--- Supplied records Enclosed Below ---

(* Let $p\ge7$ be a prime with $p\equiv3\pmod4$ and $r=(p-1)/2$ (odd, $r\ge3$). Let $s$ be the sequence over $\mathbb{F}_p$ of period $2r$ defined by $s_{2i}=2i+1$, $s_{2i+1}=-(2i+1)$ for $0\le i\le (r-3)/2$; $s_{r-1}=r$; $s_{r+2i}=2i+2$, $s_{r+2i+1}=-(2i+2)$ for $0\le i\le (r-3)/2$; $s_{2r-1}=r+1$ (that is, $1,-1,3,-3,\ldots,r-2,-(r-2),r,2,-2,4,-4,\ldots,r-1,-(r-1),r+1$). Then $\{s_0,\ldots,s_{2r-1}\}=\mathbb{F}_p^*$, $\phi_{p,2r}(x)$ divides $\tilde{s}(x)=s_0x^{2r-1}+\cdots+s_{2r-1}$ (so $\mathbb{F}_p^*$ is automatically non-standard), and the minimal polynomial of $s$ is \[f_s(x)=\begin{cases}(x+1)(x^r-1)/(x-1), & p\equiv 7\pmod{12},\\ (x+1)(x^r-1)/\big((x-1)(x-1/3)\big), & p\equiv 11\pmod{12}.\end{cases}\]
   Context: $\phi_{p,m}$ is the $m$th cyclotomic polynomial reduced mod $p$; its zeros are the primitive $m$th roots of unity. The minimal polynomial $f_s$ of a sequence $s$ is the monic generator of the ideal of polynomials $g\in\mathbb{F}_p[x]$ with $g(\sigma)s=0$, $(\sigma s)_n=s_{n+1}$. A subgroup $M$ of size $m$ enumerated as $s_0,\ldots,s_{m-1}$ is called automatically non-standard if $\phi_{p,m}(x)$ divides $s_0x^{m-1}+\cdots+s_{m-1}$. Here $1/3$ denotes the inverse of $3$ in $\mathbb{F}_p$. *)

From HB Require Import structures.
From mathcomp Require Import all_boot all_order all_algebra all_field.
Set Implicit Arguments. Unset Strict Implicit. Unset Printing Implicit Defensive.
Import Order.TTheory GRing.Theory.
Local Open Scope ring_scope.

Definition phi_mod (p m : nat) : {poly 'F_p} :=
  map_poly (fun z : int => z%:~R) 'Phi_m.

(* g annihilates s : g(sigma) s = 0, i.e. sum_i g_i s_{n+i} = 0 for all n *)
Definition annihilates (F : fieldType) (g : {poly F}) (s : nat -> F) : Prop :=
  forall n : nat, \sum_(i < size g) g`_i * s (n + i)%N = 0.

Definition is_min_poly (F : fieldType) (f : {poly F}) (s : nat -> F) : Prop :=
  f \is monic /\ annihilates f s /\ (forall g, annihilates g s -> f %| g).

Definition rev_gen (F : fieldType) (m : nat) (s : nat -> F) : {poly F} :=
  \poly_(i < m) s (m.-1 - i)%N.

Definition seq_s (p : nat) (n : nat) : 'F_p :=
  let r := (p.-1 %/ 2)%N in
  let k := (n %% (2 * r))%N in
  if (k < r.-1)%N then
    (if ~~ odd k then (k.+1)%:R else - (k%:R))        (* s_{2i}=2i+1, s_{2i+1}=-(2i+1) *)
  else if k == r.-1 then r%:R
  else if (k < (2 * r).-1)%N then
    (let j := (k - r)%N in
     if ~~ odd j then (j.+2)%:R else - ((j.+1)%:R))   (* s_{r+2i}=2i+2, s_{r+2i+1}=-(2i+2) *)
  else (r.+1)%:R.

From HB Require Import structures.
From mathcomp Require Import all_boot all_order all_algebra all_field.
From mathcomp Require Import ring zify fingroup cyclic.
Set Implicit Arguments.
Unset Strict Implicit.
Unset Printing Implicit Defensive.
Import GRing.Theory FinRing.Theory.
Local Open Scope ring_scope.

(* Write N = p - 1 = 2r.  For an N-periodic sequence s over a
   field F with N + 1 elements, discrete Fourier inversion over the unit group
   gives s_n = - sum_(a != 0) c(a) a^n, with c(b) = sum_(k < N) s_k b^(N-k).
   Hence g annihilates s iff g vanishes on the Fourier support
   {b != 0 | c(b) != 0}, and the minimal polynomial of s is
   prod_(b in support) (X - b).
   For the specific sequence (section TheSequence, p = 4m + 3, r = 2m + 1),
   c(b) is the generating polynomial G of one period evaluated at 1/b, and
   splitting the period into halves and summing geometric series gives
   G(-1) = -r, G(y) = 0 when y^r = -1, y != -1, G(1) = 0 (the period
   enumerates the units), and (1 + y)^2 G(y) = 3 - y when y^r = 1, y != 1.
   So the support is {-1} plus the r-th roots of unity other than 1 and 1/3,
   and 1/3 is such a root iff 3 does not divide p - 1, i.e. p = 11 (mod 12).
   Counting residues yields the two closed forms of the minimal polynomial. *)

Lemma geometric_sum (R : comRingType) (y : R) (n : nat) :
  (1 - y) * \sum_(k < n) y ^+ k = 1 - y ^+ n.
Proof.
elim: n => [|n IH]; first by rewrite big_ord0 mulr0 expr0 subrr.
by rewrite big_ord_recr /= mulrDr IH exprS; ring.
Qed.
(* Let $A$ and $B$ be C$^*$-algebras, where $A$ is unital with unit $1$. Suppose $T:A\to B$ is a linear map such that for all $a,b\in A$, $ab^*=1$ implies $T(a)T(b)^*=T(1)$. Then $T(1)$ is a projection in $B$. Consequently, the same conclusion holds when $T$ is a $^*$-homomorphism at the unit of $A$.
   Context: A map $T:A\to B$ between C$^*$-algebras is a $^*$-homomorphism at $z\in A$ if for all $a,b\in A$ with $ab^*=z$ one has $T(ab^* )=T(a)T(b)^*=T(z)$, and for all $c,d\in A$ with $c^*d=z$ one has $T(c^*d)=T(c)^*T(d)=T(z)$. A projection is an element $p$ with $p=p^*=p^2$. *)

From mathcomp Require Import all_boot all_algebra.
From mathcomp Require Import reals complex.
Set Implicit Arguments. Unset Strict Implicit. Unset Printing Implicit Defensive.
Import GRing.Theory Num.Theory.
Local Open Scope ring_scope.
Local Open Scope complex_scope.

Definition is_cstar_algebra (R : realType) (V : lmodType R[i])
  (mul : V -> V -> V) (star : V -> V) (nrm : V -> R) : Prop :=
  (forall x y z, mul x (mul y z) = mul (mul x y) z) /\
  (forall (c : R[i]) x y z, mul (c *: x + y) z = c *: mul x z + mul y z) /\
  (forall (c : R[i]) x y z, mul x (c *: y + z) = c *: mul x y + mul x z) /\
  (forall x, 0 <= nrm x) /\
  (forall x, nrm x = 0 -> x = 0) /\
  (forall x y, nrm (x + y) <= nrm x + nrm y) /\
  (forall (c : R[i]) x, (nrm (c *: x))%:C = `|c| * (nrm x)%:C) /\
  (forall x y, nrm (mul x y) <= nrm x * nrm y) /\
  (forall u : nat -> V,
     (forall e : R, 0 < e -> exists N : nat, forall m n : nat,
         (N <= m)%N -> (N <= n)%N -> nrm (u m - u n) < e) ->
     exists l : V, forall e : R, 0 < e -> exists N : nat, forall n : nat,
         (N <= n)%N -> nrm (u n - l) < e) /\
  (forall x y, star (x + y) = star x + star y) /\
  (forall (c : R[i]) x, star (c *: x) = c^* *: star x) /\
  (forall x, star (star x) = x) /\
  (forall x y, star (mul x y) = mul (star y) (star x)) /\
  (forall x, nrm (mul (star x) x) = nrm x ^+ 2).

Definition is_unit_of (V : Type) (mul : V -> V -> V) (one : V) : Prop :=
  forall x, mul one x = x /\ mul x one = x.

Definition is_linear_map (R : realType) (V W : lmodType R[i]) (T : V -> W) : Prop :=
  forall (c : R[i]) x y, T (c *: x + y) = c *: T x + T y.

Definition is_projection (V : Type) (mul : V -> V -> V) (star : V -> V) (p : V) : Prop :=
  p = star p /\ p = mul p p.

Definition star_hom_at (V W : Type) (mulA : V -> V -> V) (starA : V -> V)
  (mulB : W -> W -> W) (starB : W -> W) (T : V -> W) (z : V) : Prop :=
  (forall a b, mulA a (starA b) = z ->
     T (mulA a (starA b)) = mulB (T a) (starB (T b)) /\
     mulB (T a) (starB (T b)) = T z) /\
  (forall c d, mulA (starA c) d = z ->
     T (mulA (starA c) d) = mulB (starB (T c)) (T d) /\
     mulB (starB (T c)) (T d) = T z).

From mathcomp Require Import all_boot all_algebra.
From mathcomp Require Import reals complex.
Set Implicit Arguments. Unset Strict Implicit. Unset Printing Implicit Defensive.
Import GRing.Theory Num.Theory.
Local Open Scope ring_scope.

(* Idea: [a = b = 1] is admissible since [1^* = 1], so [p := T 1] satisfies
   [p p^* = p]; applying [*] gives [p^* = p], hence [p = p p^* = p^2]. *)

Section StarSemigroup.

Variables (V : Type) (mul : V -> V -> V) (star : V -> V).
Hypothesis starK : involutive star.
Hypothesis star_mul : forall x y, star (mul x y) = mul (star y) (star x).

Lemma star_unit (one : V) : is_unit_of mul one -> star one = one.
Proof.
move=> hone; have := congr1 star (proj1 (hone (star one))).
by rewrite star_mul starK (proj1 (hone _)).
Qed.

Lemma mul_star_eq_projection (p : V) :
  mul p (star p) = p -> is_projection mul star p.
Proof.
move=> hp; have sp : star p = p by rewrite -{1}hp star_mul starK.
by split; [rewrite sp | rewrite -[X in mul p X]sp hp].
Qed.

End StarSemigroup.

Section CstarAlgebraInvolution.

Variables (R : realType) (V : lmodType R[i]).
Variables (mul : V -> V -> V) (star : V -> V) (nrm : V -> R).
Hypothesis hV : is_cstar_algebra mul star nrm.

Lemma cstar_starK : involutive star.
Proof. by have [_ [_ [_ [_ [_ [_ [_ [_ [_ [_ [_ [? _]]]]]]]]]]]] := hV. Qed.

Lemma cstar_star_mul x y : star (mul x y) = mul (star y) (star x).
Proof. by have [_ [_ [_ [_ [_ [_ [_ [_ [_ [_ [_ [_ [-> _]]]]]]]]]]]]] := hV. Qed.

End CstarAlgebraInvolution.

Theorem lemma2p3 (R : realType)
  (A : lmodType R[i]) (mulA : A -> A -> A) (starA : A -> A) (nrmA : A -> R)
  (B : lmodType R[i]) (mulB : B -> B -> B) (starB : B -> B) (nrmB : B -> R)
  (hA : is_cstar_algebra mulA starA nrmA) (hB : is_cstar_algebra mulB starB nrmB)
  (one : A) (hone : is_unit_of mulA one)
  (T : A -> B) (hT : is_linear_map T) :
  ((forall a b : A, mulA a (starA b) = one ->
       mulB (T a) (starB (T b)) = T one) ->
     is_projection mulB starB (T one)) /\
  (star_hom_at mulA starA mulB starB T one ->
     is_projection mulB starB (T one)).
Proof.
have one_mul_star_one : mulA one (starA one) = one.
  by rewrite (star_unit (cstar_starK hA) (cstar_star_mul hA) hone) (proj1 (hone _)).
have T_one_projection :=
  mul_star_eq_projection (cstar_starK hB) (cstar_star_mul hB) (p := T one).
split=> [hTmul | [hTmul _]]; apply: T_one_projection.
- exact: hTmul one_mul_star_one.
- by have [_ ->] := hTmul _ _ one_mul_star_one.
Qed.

--- End of Enclosed Supplied records ---

▸ Work instruction
Transcribe the records above exactly, beginning at the line that contains "Lemma star_unit (one" and ending with the line that contains "Section CstarAlgebraInvolution.", both included, and nothing else.

▸ Result of the task
Lemma star_unit (one : V) : is_unit_of mul one -> star one = one.
Proof.
move=> hone; have := congr1 star (proj1 (hone (star one))).
by rewrite star_mul starK (proj1 (hone _)).
Qed.

Lemma mul_star_eq_projection (p : V) :
  mul p (star p) = p -> is_projection mul star p.
Proof.
move=> hp; have sp : star p = p by rewrite -{1}hp star_mul starK.
by split; [rewrite sp | rewrite -[X in mul p X]sp hp].
Qed.

End StarSemigroup.

Section CstarAlgebraInvolution.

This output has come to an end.